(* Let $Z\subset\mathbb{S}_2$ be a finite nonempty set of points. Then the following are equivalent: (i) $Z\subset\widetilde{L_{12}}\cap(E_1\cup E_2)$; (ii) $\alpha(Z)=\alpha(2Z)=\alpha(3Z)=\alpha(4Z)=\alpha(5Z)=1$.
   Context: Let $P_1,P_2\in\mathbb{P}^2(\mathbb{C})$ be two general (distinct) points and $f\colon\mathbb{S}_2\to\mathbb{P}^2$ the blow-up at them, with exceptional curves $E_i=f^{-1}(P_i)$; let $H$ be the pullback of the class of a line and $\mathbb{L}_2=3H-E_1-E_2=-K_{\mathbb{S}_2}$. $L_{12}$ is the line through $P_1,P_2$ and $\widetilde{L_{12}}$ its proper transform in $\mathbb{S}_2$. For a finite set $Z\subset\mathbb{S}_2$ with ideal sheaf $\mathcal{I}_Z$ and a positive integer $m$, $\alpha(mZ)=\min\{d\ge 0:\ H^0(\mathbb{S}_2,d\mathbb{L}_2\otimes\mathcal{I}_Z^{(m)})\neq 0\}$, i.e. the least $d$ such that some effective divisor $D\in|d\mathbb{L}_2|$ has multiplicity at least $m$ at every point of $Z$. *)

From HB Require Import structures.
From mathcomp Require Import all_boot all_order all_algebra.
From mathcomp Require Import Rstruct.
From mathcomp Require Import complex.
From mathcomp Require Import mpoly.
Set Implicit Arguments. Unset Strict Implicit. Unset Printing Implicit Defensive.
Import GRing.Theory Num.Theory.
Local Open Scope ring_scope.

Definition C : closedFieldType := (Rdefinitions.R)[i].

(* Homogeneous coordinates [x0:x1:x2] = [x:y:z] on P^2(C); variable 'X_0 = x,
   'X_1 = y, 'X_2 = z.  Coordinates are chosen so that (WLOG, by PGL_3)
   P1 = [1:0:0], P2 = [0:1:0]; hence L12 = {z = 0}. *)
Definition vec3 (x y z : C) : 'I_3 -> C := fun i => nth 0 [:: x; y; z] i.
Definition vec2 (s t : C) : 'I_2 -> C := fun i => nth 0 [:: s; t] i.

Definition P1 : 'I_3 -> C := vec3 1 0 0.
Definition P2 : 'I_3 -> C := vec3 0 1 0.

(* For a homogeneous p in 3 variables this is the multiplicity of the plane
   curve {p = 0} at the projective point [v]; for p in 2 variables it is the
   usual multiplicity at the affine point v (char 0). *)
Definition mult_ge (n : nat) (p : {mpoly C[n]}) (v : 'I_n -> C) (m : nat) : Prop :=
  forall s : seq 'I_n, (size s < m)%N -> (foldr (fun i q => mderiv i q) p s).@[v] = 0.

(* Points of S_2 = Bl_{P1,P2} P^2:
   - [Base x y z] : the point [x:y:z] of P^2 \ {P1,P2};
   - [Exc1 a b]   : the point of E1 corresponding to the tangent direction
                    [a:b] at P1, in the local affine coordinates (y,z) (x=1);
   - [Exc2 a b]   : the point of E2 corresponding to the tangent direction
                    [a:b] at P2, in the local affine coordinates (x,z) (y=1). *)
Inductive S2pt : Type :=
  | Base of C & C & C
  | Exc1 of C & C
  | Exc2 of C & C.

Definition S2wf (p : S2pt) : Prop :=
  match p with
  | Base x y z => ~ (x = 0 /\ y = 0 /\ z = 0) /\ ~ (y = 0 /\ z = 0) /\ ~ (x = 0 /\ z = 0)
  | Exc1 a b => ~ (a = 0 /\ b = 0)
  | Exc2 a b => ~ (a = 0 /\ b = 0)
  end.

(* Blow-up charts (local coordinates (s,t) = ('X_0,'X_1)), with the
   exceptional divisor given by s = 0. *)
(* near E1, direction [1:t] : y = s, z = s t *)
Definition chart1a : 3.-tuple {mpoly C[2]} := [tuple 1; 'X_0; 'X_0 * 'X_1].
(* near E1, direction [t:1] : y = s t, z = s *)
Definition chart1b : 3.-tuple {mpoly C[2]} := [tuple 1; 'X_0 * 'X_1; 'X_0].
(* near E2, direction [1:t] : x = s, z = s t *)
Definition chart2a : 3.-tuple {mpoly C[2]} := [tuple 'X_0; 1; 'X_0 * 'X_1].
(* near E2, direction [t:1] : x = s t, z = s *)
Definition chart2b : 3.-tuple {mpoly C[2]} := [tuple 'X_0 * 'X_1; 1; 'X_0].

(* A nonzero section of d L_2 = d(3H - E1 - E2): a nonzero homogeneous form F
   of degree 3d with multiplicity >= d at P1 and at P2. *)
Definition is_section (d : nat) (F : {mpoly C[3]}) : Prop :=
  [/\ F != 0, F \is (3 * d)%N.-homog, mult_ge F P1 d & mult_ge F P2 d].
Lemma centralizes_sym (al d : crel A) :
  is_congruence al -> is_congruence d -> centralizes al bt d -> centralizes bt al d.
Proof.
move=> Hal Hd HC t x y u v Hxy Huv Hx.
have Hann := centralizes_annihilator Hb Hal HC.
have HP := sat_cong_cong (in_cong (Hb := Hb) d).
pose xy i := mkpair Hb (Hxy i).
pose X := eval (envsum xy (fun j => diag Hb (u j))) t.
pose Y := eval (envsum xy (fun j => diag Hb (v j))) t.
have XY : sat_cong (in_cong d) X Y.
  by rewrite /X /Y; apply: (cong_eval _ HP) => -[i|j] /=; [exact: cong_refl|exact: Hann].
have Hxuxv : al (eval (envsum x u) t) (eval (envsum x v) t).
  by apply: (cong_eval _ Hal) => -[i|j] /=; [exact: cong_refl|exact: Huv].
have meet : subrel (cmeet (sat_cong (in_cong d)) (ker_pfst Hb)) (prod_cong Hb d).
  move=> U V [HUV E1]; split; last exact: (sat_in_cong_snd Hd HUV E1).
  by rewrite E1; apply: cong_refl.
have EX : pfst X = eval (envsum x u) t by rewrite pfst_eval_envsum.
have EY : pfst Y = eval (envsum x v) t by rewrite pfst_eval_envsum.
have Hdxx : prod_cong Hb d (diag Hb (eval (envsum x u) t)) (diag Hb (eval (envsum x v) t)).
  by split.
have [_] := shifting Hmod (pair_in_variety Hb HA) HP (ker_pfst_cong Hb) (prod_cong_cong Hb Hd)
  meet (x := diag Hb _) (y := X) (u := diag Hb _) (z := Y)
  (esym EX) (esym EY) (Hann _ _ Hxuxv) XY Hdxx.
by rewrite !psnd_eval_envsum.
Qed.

——————

__YOUR OBJECTIVE__
Pick each line holding the word "divisor" out of the data and copy it.

__SOLUTION__
   Context: Let $P_1,P_2\in\mathbb{P}^2(\mathbb{C})$ be two general (distinct) points and $f\colon\mathbb{S}_2\to\mathbb{P}^2$ the blow-up at them, with exceptional curves $E_i=f^{-1}(P_i)$; let $H$ be the pullback of the class of a line and $\mathbb{L}_2=3H-E_1-E_2=-K_{\mathbb{S}_2}$. $L_{12}$ is the line through $P_1,P_2$ and $\widetilde{L_{12}}$ its proper transform in $\mathbb{S}_2$. For a finite set $Z\subset\mathbb{S}_2$ with ideal sheaf $\mathcal{I}_Z$ and a positive integer $m$, $\alpha(mZ)=\min\{d\ge 0:\ H^0(\mathbb{S}_2,d\mathbb{L}_2\otimes\mathcal{I}_Z^{(m)})\neq 0\}$, i.e. the least $d$ such that some effective divisor $D\in|d\mathbb{L}_2|$ has multiplicity at least $m$ at every point of $Z$. *)
   exceptional divisor given by s = 0. *)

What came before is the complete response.